Джимми-«Солнечный Свет» дал отмашку своим соплеменникам. Невысокие мексикосы и смуглые колумбийцы с приплюснутыми затылками засуетились. Из безразмерных тюков на свет появились шерстяные, невиданные зэками Форта-Фикс одеяла с большими белыми буквами US Army.

Одеяла выполняли роль бизоньих шкур – мы в несколько слоев бережно укутали ими наш вигвамчик-ниппи. В результате получилось на редкость теплоустойчивое сооружение.

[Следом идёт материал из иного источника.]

Lemma prod_XsubC_le0_root_ge (R : realDomainType) (t : seq R) (a : R) :
  (\prod_(x <- t) ('X - x%:P)).[a] <= 0 -> exists2 x, x \in t & a <= x.
Proof.
have [/hasP[x xt ax] _|/hasPn t_lt] := boolP (has (fun x => a <= x) t).
  by exists x.
rewrite leNgt horner_prod big_seq prodr_gt0 // => x xt.
by rewrite hornerXsubC subr_gt0 ltNge t_lt.
Qed.

Lemma scalar_submxE (R : pzRingType) m (a : R) (M : 'M[R]_m) i j :
  (a%:M - M) i j = a *+ (i == j) - M i j.
Proof. by rewrite mxE [X in _ + X]mxE mxE. Qed.

Section SecularEquation.
Variables (R : realFieldType) (k : nat) (be ga : 'I_k -> R) (b : R) (p : {poly R}).
Hypotheses (k_gt0 : (0 < k)%N) (be_le : forall i, be i <= b) (ga_gt0 : forall i, 0 < ga i).
Hypothesis p_secular :
  forall x, b < x -> p.[x] = \prod_i (x - be i) * (1 - \sum_i ga i / (x - be i)).

Let sub_be_gt0 i x : b < x -> 0 < x - be i.
Proof. by move=> bx; rewrite subr_gt0 (le_lt_trans (be_le i)). Qed.

(* Dividing out a root [t0 > b] uses [\sum_i ga i / (t0 - be i) = 1]; the
   quotient is a positive combination of the [\prod_(j != i) ('X - be j)],
   hence has no root beyond [b]. *)
Lemma secular_no_double_root_gt t0 t1 :
  b < t0 -> b < t1 -> ~~ (('X - t0%:P) * ('X - t1%:P) %| p).
Proof.
move=> b_t0 b_t1; apply/negP => /dvdpP[r p_eq].
have p_t0 : p.[t0] = 0 by rewrite p_eq !hornerM hornerXsubC subrr mul0r mulr0.
have sum_t0 : \sum_i ga i / (t0 - be i) = 1.
  move: p_t0; rewrite p_secular // => /eqP; rewrite mulf_eq0 subr_eq0.
  by rewrite gt_eqF ?prodr_gt0 // => [/eqP<-|i _]; last exact: sub_be_gt0.
pose w i := ga i / (t0 - be i).
set Q := \sum_i w i *: \prod_(j | j != i) ('X - (be j)%:P).
have p_Q : p = ('X - t0%:P) * Q.
  apply: (@poly_ext_gt _ _ _ b) => x b_x.
  rewrite p_secular // hornerM hornerXsubC horner_sum.
  have -> : 1 - \sum_i ga i / (x - be i) = \sum_i (w i - ga i / (x - be i)).
    by rewrite sumrB sum_t0.
  rewrite !mulr_sumr; apply: eq_bigr => i _.
  rewrite hornerZ horner_prod (bigD1 i) //=.
  under [in RHS]eq_bigr do rewrite hornerXsubC.
  have := sub_be_gt0 i b_t0; have := sub_be_gt0 i b_x; rewrite /w.
  move: (\prod_(j | j != i) _) => P x_be t0_be; field.
  by rewrite !gt_eqF.
have Q_t1 : Q.[t1] = 0.
  have : ('X - t0%:P) * Q = ('X - t0%:P) * (r * ('X - t1%:P)).
    by rewrite -p_Q p_eq mulrCA mulrA.
  move/(mulfI (monic_neq0 (monicXsubC t0))) ->.
  by rewrite hornerM hornerXsubC subrr mulr0.
have term_gt0 i : 0 < (w i *: \prod_(j | j != i) ('X - (be j)%:P)).[t1].
  rewrite hornerZ horner_prod mulr_gt0 ?divr_gt0 ?sub_be_gt0 //.
  by apply: prodr_gt0 => j _; rewrite hornerXsubC sub_be_gt0.
move: Q_t1; rewrite horner_sum => /psumr_eq0P/(_ (Ordinal k_gt0) isT) Q0.
by have := term_gt0 (Ordinal k_gt0); rewrite Q0 ?ltxx // => i _; exact/ltW.
Qed.
Lemma imax_in_twin : imax_in V = imax_in (V :\ x).
Proof.
have notin_mis S : mis (V :\ x) S -> x \notin S.
  by case/misP => SV _ _; apply/negP => /(subsetP SV); rewrite !inE eqxx.
rewrite /imax_in; have -> : [set S | mis V S] = twin_lift @: [set S | mis (V :\ x) S].
  apply/setP => S; rewrite inE; apply/idP/imsetP => [misS | [S' ]].
    exists (S :\ x); first by rewrite inE mis_twin_setD1.
    rewrite /twin_lift !inE eq_sym xy /= -(mis_twin_mem misS).
    by case: ifP => [/setD1K | /negbT/setD1_notin] ->.
  by rewrite inE => /mis_twin_lift /[swap] ->.
rewrite card_in_imset // => A B /[!inE] /notin_mis xA /notin_mis xB.
rewrite /twin_lift; case: ifP; case: ifP => // _ _ /(congr1 (fun S => S :\ x)).
- by rewrite !setU1K.
- by move=> AB; rewrite -(setU1K xA) AB setD1_notin.
- by move=> AB; rewrite -(setU1K xB) -AB setD1_notin.
Qed.

End Twins.

Definition twin_free_in V := {in V &, injective (N V)}.
Definition no_isolated_in V := {in V, forall x, N V x != set0}.

(** * Longest paths *)

Hypothesis e_acyc : acyclic e.

Definition spath V p :=
  [&& uniq p, all [in V] p & if p is x :: q then path e x q else true].

Definition longest_spath V p := spath V p /\ forall q, spath V q -> size q <= size p.

Lemma spath_size V p : spath V p -> size p <= #|V|.
Proof.
case/and3P => Up /allP pV _; rewrite -(card_uniqP Up).
by apply/subset_leq_card/subsetP => x /pV.
Qed.

Lemma exists_longest_spath V : exists p, longest_spath V p.
Proof.
pose P n := [exists p : n.-tuple T, spath V p].
have P0 : exists n, P n by exists 0; apply/existsP; exists [tuple].
have P_le n : P n -> n <= #|V| by case/existsP => p /spath_size; rewrite size_tuple.
have [m] := ex_maxnP P0 P_le; case/existsP => p pV max_m; exists p; split=> // q qV.
by rewrite size_tuple; apply: max_m; apply/existsP; exists (in_tuple q).
Qed.

Lemma longest_spath_rev V p : longest_spath V p -> longest_spath V (rev p).
Proof.
case=> /and3P[Up pV ep] max_p; split; last by rewrite size_rev.
rewrite /spath rev_uniq all_rev Up pV; case: p ep {Up pV max_p} => // x q ep.
rewrite lastI rev_rcons /= rev_path.
by rewrite (eq_path (e' := e)) // => a b; rewrite e_sym.
Qed.

Lemma spath_behead V x q : spath V (x :: q) -> spath V q.
Proof.
case/and3P => /= /andP[_ Uq] /andP[_ qV] eq; rewrite /spath Uq qV.
by case: q eq {Uq qV} => //= y q /andP[].
Qed.

Lemma longest_spath_eq_size V p q : longest_spath V p -> spath V q -> size q = size p -> longest_spath V q.
Proof. by case=> _ max_p qV eq_qp; split=> // r /max_p; rewrite eq_qp. Qed.

(* If [x] occurred further along the path, [x y ... x] would be a cycle. *)
Lemma spath_prepend V x y q : spath V (y :: q) -> x \in V -> e x y ->
  x = head y q \/ spath V [:: x, y & q].
Proof.
move=> yqV xV exy; case: (boolP (x \in y :: q)) => [xyq | xyq]; last first.
  by right; move: yqV; rewrite /spath [uniq (x :: _)]/= xyq [all _ (x :: _)]/= xV [path _ x _]/= exy.
have [xy | xy] := eqVneq x y; first by rewrite xy e_irr in exy.
case: q yqV xyq => [|z q] yqV; first by rewrite inE (negbTE xy).
rewrite !inE (negbTE xy) /=; have [-> | xz /= xq] := eqVneq x z; first by left.
case/splitPr: xq yqV => q1 q2 /and3P[Up _ ep]; exfalso.
have U : uniq [:: y, z & rcons q1 x].
  by move: Up; rewrite -cat_rcons -!cat_cons cat_uniq => /and3P[].
have ep' : path e y (z :: rcons q1 x).
  by move: ep; rewrite -cat_rcons -cat_cons cat_path => /andP[].
have := e_acyc U; rewrite /= size_rcons => /(_ isT); apply/negP/negPn.
by move: ep' => /= /andP[-> ep']; rewrite rcons_path ep' last_rcons exy.
Qed.

Lemma longest_end V a b q : longest_spath V [:: a, b & q] -> N V a = [set b].
Proof.
move=> lp; have [abqV max_p] := lp; have /and3P[_ /= /and3P[aV bV _] /andP[eab _]] := abqV.
apply/setP => x; rewrite inE inN; have [-> | xb] := eqVneq x b; first by rewrite bV eab.
apply/negbTE/andP => -[xV eax]; rewrite e_sym in eax.
case: (spath_prepend abqV xV eax) => [xb' | /max_p]; first by rewrite xb' eqxx in xb.
by rewrite /= ltnn.
Qed.

Lemma longest_second V a0 a1 a2 q : twin_free_in V ->
  longest_spath V [:: a0, a1, a2 & q] -> N V a1 = [set a0; a2].
Proof.
move=> twV lp; have [p_path _] := lp; have Na0 := longest_end lp.
have /and3P[_ /and4P[a0V _ a2V _] /and3P[ea01 ea12 _]] := p_path.
have a1p := spath_behead p_path.
apply/setP => b; rewrite !inE; have [-> | ba0] := eqVneq b a0; first by rewrite a0V e_sym ea01.
have [-> | ba2] := eqVneq b a2; first by rewrite a2V ea12.
apply/negbTE/andP => -[bV eab]; rewrite e_sym in eab.
case: (spath_prepend a1p bV eab) => [/eqP | bp]; first by rewrite (negbTE ba2).
have /longest_end Nb : longest_spath V [:: b, a1, a2 & q] by apply: longest_spath_eq_size lp bp _.
by move/eqP: ba0; apply; apply: twV => //; rewrite Nb Na0.
Qed.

Я тоже не остался в стороне от строительства языческого объекта.

Учитывая рост и длину конечностей, меня пристроили вместо подъемного крана. Совсем как в любимой мною поэме Сергея Михалкова: «Не опишешь, что тут было – дядя Степа руки вниз; перегнувшись за перила, как над пропастью повис».

Пока мы трудились над строительством бани имени Гойко Митича, другая краснокожая группировка готовила стряпню, опустошая консервные упаковки и нарезая овощи.

Остальные суетились около костровища или стучали в барабаны. Бездельников среди индейцев не было!

…По четвергам к резервации подъезжал один из ментовских электромобилей.

Зольдатен патрулировали зону и передвигались между соседними корпусами в основном на тележках для гольфа. Из-за этого большинство охранников страдало одышкой, ожирением и повышенным потоотделением. В Америке нормы ГТО охрана не сдавала.

К ментовозу цеплялась мусорная тележка, доверху наполненная дровами и чурочками для огнепоклонников. В дело шел местный строительный мусор, деревянные поддоны с продуктового склада и распиленные на части деревья, планомерно уничтожаемые герр комендантен.

Вертухаи матерились всевозможными «факами», но все равно обслуживали краснокожих зэков.

На поддержание Святого Огня и разогрев банных камней заранее избирались «костровой» и его помощник. Они укладывали дровишки особым образом: слой дров – слой камней, слой дров – слой камней. В конструкции оставляли «коридоры» для воздухозабора и католической тюремной газеты «Inside Journal».

– Братья, давайте начнем наш великий поход к Деду по Красному Пути, – объявил ровно в полдень Главный Шаман. К этому времени все было готово: камни раскалились докрасна, супец закипал, а «трубка мира» была забита «спецтабаком».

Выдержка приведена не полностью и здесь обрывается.